Carl stood for a long time looking at the enlarged picture, and then sighed. No way back? No, he supposed not. He turned to Rose.
“I have to admit that there is a certain amount that indicates you were right about Habersaat. He might have had a specific suspicion about this guy for years without being able to find him, and then he grew weary. Now he wanted others to take over, wanted it out of his head, in full knowledge that he couldn’t solve the case himself. So suicide wasn’t just a way to get the case out of his head; it was a way to ensure it carried on. That means that I, like you, am now more willing to believe that he certainly expected that we’d sail over here and take over. His suicide was the ticket.”
“And there is no return ticket,” concluded Assad. “But what about the meaning of BCCR/BCCEC CI B14G27?”
“Maybe they’ve got something to do with the man’s name who took the picture, or maybe a journal number. Have you looked in the folders in there, Rose?”
She nodded.
“And nothing rings a bell when you see these initials and numbers?”
“No. The system is quite straightforward and there isn’t much in the folders actually. They’re almost empty.”
“What now, Carl?” asked Assad.
“Yes, what now?” He looked at his assistants. They’d worked together for almost seven years, solved lots of cases, and yet their eyes could still light up with enthusiasm. Sometimes looks like theirs could rejuvenate his batteries, and sometimes not. Just now they couldn’t quite get through, so he needed to dig down to find some reserves.
He drummed his fingers on the wall beside the photocopy. No way back, Assad had said.
“Okay! Rose, book two extra nights at the hotel. And you, Assad, follow me around the house. We need to have an overview of how much needs to be packed up, and roughly in what order it should be placed.”
11
September 2013
It was now the tenth time that
Pirjo read Wanda Phinn’s latest message about her imminent arrival, and Pirjo didn’t like it. Gut instinct wasn’t an applicable element in the teachings of nature absorption, but with Pirjo’s background it was a tool that couldn’t just be ignored.
This time the gut instinct wasn’t good. With each new reading, she imagined new scenarios and probable consequences arising from Wanda Phinn’s arrival on the scene, and yet the end result was always the same. Regardless of how you looked at it, what was indicated between the lines in the woman’s e-mail was catastrophic. She’d disregarded Pirjo’s rejection of being accepted into a course, and now she would come to conquer Pirjo’s and Atu’s world, and that was something Pirjo simply couldn’t tolerate. Not now when her biological clock was ticking so quickly.
Pirjo thought it was a good thing that she was the one in charge of these requests. If Atu had seen it, his curiosity and libido would’ve been awoken. She knew his weaknesses better than anyone. So no, she simply couldn’t allow this woman to come to the Nature Absorption Academy or the consequences would be impossible to control.

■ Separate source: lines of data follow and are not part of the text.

(* Let $q\ge 2$ and $n\ge 1$ be integers and let $\boldsymbol{x}\neq\boldsymbol{y}\in\Sigma_q^n$. Then $d_H(\mathcal{R}(\boldsymbol{x}),\mathcal{R}(\boldsymbol{y}))=2$ if and only if there exist sequences $\boldsymbol{u},\boldsymbol{v}\in\Sigma_q^{\ge 0}$, two distinct symbols $a,b\in\Sigma_q$ and an integer $t\ge 1$ such that $$\boldsymbol{x}=(\boldsymbol{u},\boldsymbol{\alpha}_t(ab),\boldsymbol{v}),\qquad \boldsymbol{y}=(\boldsymbol{u},\boldsymbol{\alpha}_t(ba),\boldsymbol{v}).$$
   Context: $\Sigma_q=\{0,1,\dots,q-1\}$; $\Sigma_q^{\ge 0}$ is the set of all finite sequences over $\Sigma_q$, including the empty one; $(\cdot,\cdot)$ denotes concatenation. For $\boldsymbol{x}\in\Sigma_q^n$, $x[i]$ is its $i$-th entry, with the convention $x[i]=0$ for $i\notin[1,n]$; $\boldsymbol{x}[i,j]=(x[i],\dots,x[j])$. The $2$-read vector of $\boldsymbol{x}$ is $\mathcal{R}(\boldsymbol{x})=(c(\boldsymbol{x}[0,1]),c(\boldsymbol{x}[1,2]),\dots,c(\boldsymbol{x}[n,n+1]))$, a vector of length $n+1$ whose $i$-th entry is the multiset $\{\{x[i-1],x[i]\}\}$. $d_H$ denotes Hamming distance (number of positions where entries differ). For distinct $a,b$ and $t\ge 0$, $\boldsymbol{\alpha}_t(ab)$ is the alternating sequence $abab\cdots$ of length $t$, i.e. $(ab)^{t/2}$ if $t$ is even and $(ab)^{(t-1)/2}a$ if $t$ is odd. *)

From mathcomp Require Import all_boot.
Set Implicit Arguments. Unset Strict Implicit. Unset Printing Implicit Defensive.

(* Sigma_q = 'I_q; a sequence over Sigma_q is a seq 'I_q. *)

(* The multiset {{a, b}} of two naturals, represented canonically as the
   sorted list of its elements (two multisets are equal iff these agree). *)
Definition mset2 (a b : nat) : seq nat := sort leq [:: a; b].

Definition padded q (x : seq 'I_q) : seq nat := 0 :: map val x ++ [:: 0].

(* The 2-read vector R(x) : its i-th entry (i = 1..n+1) is {{x[i-1], x[i]}}. *)
Definition read2 q (x : seq 'I_q) : seq (seq nat) :=
  let p := padded x in
  mkseq (fun i => mset2 (nth 0 p i) (nth 0 p i.+1)) (size x).+1.

Definition dH (T : eqType) (s t : seq T) : nat :=
  count (fun pr : T * T => pr.1 != pr.2) (zip s t).

Definition alpha (T : Type) (t : nat) (a b : T) : seq T :=
  mkseq (fun i => if odd i then b else a) t.

From mathcomp Require Import all_boot zify.
Set Implicit Arguments. Unset Strict Implicit. Unset Printing Implicit Defensive.

(* Given
   previous symbols a <> b of x and y, the next reads {{a, c}} and {{b, d}}
   coincide exactly when (c, d) = (b, a).  So after the first disagreement,
   which costs one read, the reads keep agreeing precisely as long as x and y
   continue as the alternations a b a b ... and b a b a ...; when this pattern
   stops (at the latest at the final read {{., 0}}) a second read differs, and
   a third is avoided only if x and y coincide from there on. *)

Lemma mset2E a b : mset2 a b = if a <= b then [:: a; b] else [:: b; a].
Proof. by rewrite /mset2 /sort /=; case: ifP. Qed.

Lemma mset2C a b : mset2 a b = mset2 b a.
Proof. by rewrite !mset2E; case: ltngtP => [? | ? | ->]. Qed.

Lemma mset2_eq a b c d :
  mset2 a b = mset2 c d <-> (a = c /\ b = d) \/ (a = d /\ b = c).
Proof.
rewrite !mset2E; split.
- by case: (leqP a b); case: (leqP c d) => ? ? [-> ->]; lia.
- by case=> -[-> ->]; rewrite -!mset2E // mset2C.
Qed.

Lemma eq_mset2l a b c : (mset2 a b == mset2 a c) = (b == c).
Proof.
by apply/eqP/eqP => [/mset2_eq [[_ ->] | [-> ->]] | ->].
Qed.

Lemma eq_mset2r a b c : (mset2 a c == mset2 b c) = (a == b).
Proof. by rewrite mset2C [mset2 b c]mset2C eq_mset2l. Qed.

Lemma mkseqSl (T : Type) (f : nat -> T) n :
  mkseq f n.+1 = f 0 :: mkseq (fun i => f i.+1) n.
Proof. by rewrite /mkseq /= -[1]/(1 + 0) iotaDl -map_comp. Qed.

Lemma alphaS (T : Type) t (a b : T) : alpha t.+1 a b = a :: alpha t b a.
Proof.
rewrite /alpha mkseqSl; congr (_ :: _); apply: eq_mkseq => i /=.
by case: (odd i).
Qed.

Lemma size_alpha (T : Type) t (a b : T) : size (alpha t a b) = t.
Proof. exact: size_mkseq. Qed.

Lemma dH_cons (T : eqType) (a b : T) s t :
  dH (a :: s) (b :: t) = (a != b) + dH s t.
Proof. by []. Qed.

Lemma dH_eq0 (T : eqType) (s t : seq T) :
  size s = size t -> (dH s t == 0) = (s == t).
Proof.
elim: s t => [|a s IH] [|b t] //= [/IH Est].
by rewrite dH_cons eqseq_cons addn_eq0 eqb0 negbK Est.
Qed.

Section SwappedAlternations.
Variable T : eqType.

Definition alt_swap (a b : T) (x y : seq T) : Prop :=
  exists t v, x = alpha t a b ++ v /\ y = alpha t b a ++ v.

Definition swap_block (x y : seq T) : Prop :=
  exists (u v : seq T) (a b : T) (t : nat),
    [/\ a != b, 1 <= t, x = u ++ alpha t a b ++ v & y = u ++ alpha t b a ++ v].

Lemma alt_swap_cons a b c d x y :
  alt_swap a b (c :: x) (d :: y) <->
  c :: x = d :: y \/ [/\ c = a, d = b & alt_swap b a x y].
Proof.
split.
- case=> -[|t] [v []]; first by move=> -> ->; left.
  by rewrite !alphaS /= => -[-> ->] [-> ->]; right; split=> //; exists t, v.
- case=> [<- | [-> -> [t [v [-> ->]]]]]; first by exists 0, (c :: x).
  by exists t.+1, v; rewrite !alphaS.
Qed.

Lemma swap_block_nil : ~ swap_block [::] [::].
Proof.
case=> u [v [a [b [t [_ t_gt0 _ /(congr1 size)]]]]].
by rewrite !size_cat size_alpha /=; lia.
Qed.

Lemma swap_block_cons_eq c x y : swap_block (c :: x) (c :: y) <-> swap_block x y.
Proof.
split.
- case=> -[|e u] [v [a [b [t [ab t_gt0]]]]] /=; last first.
    by case=> _ -> [_ ->]; exists u, v, a, b, t.
  by rewrite -(prednK t_gt0) !alphaS => -[-> _] [ca _]; rewrite ca eqxx in ab.
- by case=> u [v [a [b [t [ab t_gt0 -> ->]]]]]; exists (c :: u), v, a, b, t.
Qed.

Lemma swap_block_cons_neq c d x y :
  c != d -> swap_block (c :: x) (d :: y) <-> alt_swap d c x y.
Proof.
move=> cd; split.
- case=> -[|e u] [v [a [b [t [ab t_gt0]]]]] /=; last first.
    by case=> ce _ [de _]; rewrite ce de eqxx in cd.
  rewrite -(prednK t_gt0) !alphaS => -[-> ->] [-> ->].
  by exists t.-1, v.
- by case=> t [v [-> ->]]; exists [::], v, c, d, t.+1; rewrite !alphaS.
Qed.

End SwappedAlternations.

Section ReadsFrom.
Variables (T : eqType) (f : T -> nat).
Hypothesis f_inj : injective f.

(* R(f x), but with the padding symbol in front of the word equal to p. *)
Fixpoint read2_from (p : nat) (x : seq T) : seq (seq nat) :=
  if x is c :: x' then mset2 p (f c) :: read2_from (f c) x' else [:: mset2 p 0].

Lemma read2_fromE p x :
  let s := p :: map f x ++ [:: 0] in
  mkseq (fun i => mset2 (nth 0 s i) (nth 0 s i.+1)) (size x).+1 = read2_from p x.
Proof. by elim: x p => [|c x IH] p //=; rewrite mkseqSl -IH. Qed.

Lemma size_read2_from p x : size (read2_from p x) = (size x).+1.
Proof. by elim: x p => [|c x IH] p //=; rewrite IH. Qed.

Lemma read2_from_inj p p' x y :
  read2_from p x = read2_from p' y -> p = p' /\ x = y.
Proof.
elim: x y p p' => [|c x IH] [|d y] p p' /=.
- by case=> /eqP; rewrite eq_mset2r => /eqP.
- by case=> _ /(congr1 size); rewrite size_read2_from.
- by case=> _ /(congr1 size); rewrite size_read2_from.
- case=> E /IH [/f_inj cd <-]; move/eqP: E.
  by rewrite cd eq_mset2r => /eqP ->.
Qed.

Lemma dH_read2_from_eq0 p p' x y :
  size x = size y ->
  (dH (read2_from p x) (read2_from p' y) = 0 <-> p = p' /\ x = y).
Proof.
move=> xy; rewrite (rwP eqP) dH_eq0 ?size_read2_from ?xy //.
by split=> [/eqP/read2_from_inj | [-> ->]].
Qed.

Lemma dH_read2_from_swap a b x y :
  a != b -> size x = size y ->
  (dH (read2_from (f a) x) (read2_from (f b) y) = 1 <-> alt_swap b a x y).
Proof.
elim: x y a b => [|c x IH] [|d y] a b ab //= => [_ | [xy]].
  by rewrite /dH /= eq_mset2r (inj_eq f_inj) ab; split=> // _; exists 0, [::].
rewrite dH_cons alt_swap_cons.
have [/mset2_eq [[/f_inj ab' _] | [/f_inj <- /f_inj ->]] | neq] /= := eqVneq.
- by rewrite ab' eqxx in ab.
- rewrite add0n IH 1?eq_sym //; split=> [|[[ba _] | [_ _ //]]]; first by right.
  by rewrite ba eqxx in ab.
- rewrite add1n; split=> [[/dH_read2_from_eq0 [] // /f_inj -> ->] | ]; first by left.
  case=> [[-> ->] | [cb da _]]; first by congr _.+1; apply/dH_read2_from_eq0.
  by rewrite cb da mset2C eqxx in neq.
Qed.

Lemma dH_read2_from_two p x y :
  size x = size y -> (dH (read2_from p x) (read2_from p y) = 2 <-> swap_block x y).
Proof.
elim: x y p => [|c x IH] [|d y] p //= => [_ | [xy]].
  by rewrite /dH /= eqxx; split=> // /swap_block_nil.
rewrite dH_cons eq_mset2l (inj_eq f_inj).
have [<- | cd] := eqVneq c d; first by rewrite swap_block_cons_eq IH.
rewrite swap_block_cons_neq // -(dH_read2_from_swap cd xy) /= add1n.
by split=> [[] | ->].
Qed.

End ReadsFrom.

Lemma read2E q (x : seq 'I_q) : read2 x = read2_from val 0 x.
Proof. exact: read2_fromE. Qed.

Theorem theorem1 (q n : nat) (x y : seq 'I_q) :
  2 <= q -> 1 <= n -> size x = n -> size y = n -> x != y ->
  (dH (read2 x) (read2 y) = 2 <->
   exists (u v : seq 'I_q) (a b : 'I_q) (t : nat),
     [/\ a != b, 1 <= t,
         x = u ++ alpha t a b ++ v &
         y = u ++ alpha t b a ++ v]).
Proof.
move=> _ _ size_x size_y _; rewrite !read2E.
by apply: dH_read2_from_two; [exact: val_inj | rewrite size_x size_y].
Qed.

She looked at her watch and thought the whole thing through. In an hour the woman would be standing with all her talents and firm flesh at Kalmar Central Station expecting Pirjo to simply bow out.
But that was where she was mistaken.
Pirjo decided to improvise; that’s what she was good at.
Everything would be fine.
* * *
She took her scooter from the area in front of the wooden pier.
She stood for a moment and watched the weathered planks out in the water with the seaweed dancing around the bottom of the poles. What could be more peaceful than that, and yet it had uncomfortable associations for her. It wasn’t the first time Pirjo had had serious threats to her existence hanging over her head, and last time it had ended here.
She’d quarreled with one of the female disciples who she realized had become a dangerous rival. It had resulted in shouting, pushing, and slapping that had become gradually harder. For some weeks the woman had become a permanent fixture in Atu’s quarters, and ever so slowly had begun to agitate to take over some of Pirjo’s responsibilities; she’d felt it.